The listing below contains a span that opens with the line containing "Proof. by move=> sX" and closes with the line containing "Aq Cq) pZ2.". Return that span exactly.
________________________________________
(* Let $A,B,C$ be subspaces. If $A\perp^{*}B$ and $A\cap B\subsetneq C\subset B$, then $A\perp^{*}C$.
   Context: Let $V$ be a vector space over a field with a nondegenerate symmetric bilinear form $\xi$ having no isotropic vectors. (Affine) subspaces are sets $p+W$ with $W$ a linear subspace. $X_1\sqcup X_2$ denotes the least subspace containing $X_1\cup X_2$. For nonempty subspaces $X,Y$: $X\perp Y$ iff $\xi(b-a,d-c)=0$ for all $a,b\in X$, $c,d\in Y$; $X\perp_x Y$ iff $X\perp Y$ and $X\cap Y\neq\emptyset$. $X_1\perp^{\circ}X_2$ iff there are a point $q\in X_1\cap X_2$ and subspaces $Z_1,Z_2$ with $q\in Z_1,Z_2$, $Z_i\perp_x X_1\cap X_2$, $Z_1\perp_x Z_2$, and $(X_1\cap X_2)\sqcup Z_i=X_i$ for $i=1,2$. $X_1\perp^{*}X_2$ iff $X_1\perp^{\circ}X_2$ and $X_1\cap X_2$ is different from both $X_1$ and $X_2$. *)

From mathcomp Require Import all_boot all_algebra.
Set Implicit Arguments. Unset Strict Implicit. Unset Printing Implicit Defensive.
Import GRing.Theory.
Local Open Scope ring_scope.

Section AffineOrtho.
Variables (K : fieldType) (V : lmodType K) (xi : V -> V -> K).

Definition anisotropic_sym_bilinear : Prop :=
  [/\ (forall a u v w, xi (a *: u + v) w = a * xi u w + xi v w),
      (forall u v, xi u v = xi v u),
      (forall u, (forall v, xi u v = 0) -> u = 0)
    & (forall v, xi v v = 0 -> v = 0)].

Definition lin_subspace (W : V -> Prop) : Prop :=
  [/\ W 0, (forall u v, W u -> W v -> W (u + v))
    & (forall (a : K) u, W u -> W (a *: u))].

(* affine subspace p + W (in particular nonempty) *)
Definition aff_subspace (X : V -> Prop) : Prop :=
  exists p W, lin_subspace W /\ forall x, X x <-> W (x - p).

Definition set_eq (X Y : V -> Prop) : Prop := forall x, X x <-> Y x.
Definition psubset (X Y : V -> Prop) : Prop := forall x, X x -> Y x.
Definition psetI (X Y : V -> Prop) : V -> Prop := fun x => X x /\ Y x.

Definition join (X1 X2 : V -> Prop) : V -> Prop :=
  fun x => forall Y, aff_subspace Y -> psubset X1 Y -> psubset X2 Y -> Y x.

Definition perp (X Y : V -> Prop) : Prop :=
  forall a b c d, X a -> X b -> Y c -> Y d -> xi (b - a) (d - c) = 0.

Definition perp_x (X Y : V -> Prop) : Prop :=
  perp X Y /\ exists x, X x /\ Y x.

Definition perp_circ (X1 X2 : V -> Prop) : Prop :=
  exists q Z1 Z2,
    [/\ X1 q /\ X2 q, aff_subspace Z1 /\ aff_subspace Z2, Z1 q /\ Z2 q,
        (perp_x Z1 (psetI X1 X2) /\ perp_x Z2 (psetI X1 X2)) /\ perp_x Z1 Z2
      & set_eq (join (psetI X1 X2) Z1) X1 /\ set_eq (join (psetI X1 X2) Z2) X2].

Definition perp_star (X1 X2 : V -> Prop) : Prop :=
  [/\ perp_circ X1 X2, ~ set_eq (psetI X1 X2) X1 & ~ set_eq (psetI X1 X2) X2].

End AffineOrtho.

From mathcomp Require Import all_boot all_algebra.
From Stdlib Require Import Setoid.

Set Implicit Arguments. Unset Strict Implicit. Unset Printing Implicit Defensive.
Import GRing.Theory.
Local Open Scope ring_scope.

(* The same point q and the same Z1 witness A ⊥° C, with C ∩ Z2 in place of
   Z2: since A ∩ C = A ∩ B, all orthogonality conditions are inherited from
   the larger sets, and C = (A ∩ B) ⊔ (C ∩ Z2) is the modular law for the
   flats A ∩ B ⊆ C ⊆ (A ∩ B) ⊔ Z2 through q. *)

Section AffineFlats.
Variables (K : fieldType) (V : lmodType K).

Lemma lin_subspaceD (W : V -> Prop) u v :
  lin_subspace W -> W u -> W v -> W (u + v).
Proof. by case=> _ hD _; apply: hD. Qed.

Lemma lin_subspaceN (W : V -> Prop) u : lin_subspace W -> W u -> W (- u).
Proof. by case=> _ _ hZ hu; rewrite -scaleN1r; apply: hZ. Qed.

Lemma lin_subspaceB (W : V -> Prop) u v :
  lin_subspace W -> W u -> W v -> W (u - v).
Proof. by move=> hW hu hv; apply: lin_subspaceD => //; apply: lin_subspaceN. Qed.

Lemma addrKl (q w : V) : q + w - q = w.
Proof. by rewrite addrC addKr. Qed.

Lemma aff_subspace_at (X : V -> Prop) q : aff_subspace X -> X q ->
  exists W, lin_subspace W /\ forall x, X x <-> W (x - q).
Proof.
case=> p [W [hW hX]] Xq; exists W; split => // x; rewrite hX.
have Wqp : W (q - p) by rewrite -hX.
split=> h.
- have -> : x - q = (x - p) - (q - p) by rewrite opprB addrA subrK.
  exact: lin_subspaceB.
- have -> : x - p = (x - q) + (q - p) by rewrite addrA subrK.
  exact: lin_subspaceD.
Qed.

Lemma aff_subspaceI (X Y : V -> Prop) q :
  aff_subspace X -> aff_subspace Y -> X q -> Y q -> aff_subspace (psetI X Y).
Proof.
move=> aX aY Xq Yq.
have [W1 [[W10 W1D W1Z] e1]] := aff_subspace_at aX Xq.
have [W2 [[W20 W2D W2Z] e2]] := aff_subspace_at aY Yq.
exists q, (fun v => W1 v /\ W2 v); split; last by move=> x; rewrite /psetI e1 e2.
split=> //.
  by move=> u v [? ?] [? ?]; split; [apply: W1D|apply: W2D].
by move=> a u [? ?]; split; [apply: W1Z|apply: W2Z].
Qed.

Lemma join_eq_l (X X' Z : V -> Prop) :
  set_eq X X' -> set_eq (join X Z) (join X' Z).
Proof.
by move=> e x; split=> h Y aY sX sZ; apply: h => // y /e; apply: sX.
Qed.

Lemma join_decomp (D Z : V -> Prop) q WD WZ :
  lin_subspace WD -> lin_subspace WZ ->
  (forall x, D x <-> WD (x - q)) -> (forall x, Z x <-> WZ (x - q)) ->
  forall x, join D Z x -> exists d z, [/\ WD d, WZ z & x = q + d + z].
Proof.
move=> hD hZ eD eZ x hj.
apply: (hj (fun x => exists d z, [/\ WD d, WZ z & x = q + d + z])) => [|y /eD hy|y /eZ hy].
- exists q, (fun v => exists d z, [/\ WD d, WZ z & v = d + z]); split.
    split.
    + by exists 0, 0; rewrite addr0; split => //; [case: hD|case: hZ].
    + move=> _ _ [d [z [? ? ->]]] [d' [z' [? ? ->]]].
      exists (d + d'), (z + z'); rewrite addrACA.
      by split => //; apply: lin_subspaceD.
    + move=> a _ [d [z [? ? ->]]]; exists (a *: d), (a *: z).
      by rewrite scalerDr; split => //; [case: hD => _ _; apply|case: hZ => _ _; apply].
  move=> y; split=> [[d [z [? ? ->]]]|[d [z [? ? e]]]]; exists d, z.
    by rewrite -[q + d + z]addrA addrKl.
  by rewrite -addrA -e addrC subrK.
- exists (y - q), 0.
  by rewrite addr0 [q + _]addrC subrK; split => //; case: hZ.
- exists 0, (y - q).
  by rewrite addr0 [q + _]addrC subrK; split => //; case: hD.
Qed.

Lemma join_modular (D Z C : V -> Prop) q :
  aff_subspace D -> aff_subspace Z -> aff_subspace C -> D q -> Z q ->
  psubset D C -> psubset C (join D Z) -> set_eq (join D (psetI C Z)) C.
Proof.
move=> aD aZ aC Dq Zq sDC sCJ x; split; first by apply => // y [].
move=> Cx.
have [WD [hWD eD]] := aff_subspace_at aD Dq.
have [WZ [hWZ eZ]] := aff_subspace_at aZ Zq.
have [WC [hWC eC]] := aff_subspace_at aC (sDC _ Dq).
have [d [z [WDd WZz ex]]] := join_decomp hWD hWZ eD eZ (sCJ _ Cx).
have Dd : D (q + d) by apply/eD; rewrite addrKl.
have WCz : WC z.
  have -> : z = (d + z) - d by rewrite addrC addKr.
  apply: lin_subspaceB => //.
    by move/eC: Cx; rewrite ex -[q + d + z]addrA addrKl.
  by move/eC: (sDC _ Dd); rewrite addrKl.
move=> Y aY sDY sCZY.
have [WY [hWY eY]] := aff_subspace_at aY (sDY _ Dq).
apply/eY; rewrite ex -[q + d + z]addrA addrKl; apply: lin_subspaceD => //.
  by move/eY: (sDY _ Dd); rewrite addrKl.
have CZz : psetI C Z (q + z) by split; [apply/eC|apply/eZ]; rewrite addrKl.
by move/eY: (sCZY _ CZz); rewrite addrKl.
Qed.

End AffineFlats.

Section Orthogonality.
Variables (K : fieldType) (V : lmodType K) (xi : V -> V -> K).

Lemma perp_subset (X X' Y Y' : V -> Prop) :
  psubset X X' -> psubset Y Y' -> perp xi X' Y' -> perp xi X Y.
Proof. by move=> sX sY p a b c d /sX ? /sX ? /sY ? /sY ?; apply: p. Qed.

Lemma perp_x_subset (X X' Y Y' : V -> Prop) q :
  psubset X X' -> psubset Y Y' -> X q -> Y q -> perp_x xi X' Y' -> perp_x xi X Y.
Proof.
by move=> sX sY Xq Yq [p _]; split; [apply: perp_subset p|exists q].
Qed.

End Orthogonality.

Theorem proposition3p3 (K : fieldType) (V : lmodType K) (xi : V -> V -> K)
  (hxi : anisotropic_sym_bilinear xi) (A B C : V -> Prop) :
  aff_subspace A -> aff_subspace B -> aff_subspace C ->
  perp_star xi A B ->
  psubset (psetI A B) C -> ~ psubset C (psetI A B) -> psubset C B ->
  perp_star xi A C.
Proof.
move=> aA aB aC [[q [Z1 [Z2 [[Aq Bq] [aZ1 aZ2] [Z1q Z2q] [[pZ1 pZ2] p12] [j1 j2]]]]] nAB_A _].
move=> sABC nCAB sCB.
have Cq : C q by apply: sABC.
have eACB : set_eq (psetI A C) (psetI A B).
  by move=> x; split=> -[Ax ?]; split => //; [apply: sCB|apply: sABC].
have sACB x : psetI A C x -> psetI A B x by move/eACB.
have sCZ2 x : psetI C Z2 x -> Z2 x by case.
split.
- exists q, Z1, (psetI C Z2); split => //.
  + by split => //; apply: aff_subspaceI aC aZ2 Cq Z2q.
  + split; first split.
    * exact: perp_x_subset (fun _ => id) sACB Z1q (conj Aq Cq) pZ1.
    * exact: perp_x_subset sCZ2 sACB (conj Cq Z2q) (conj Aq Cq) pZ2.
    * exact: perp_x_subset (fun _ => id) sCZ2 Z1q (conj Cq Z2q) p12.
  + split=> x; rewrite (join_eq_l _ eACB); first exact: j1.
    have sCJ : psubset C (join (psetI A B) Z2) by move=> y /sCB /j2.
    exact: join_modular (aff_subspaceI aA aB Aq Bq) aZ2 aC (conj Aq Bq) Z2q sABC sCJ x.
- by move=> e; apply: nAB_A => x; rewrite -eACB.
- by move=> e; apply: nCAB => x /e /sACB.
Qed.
________________________________________
**WRITTEN SOLUTION**
Proof. by move=> sX sY p a b c d /sX ? /sX ? /sY ? /sY ?; apply: p. Qed.

Lemma perp_x_subset (X X' Y Y' : V -> Prop) q :
  psubset X X' -> psubset Y Y' -> X q -> Y q -> perp_x xi X' Y' -> perp_x xi X Y.
Proof.
by move=> sX sY Xq Yq [p _]; split; [apply: perp_subset p|exists q].
Qed.

End Orthogonality.

Theorem proposition3p3 (K : fieldType) (V : lmodType K) (xi : V -> V -> K)
  (hxi : anisotropic_sym_bilinear xi) (A B C : V -> Prop) :
  aff_subspace A -> aff_subspace B -> aff_subspace C ->
  perp_star xi A B ->
  psubset (psetI A B) C -> ~ psubset C (psetI A B) -> psubset C B ->
  perp_star xi A C.
Proof.
move=> aA aB aC [[q [Z1 [Z2 [[Aq Bq] [aZ1 aZ2] [Z1q Z2q] [[pZ1 pZ2] p12] [j1 j2]]]]] nAB_A _].
move=> sABC nCAB sCB.
have Cq : C q by apply: sABC.
have eACB : set_eq (psetI A C) (psetI A B).
  by move=> x; split=> -[Ax ?]; split => //; [apply: sCB|apply: sABC].
have sACB x : psetI A C x -> psetI A B x by move/eACB.
have sCZ2 x : psetI C Z2 x -> Z2 x by case.
split.
- exists q, Z1, (psetI C Z2); split => //.
  + by split => //; apply: aff_subspaceI aC aZ2 Cq Z2q.
  + split; first split.
    * exact: perp_x_subset (fun _ => id) sACB Z1q (conj Aq Cq) pZ1.
    * exact: perp_x_subset sCZ2 sACB (conj Cq Z2q) (conj Aq Cq) pZ2.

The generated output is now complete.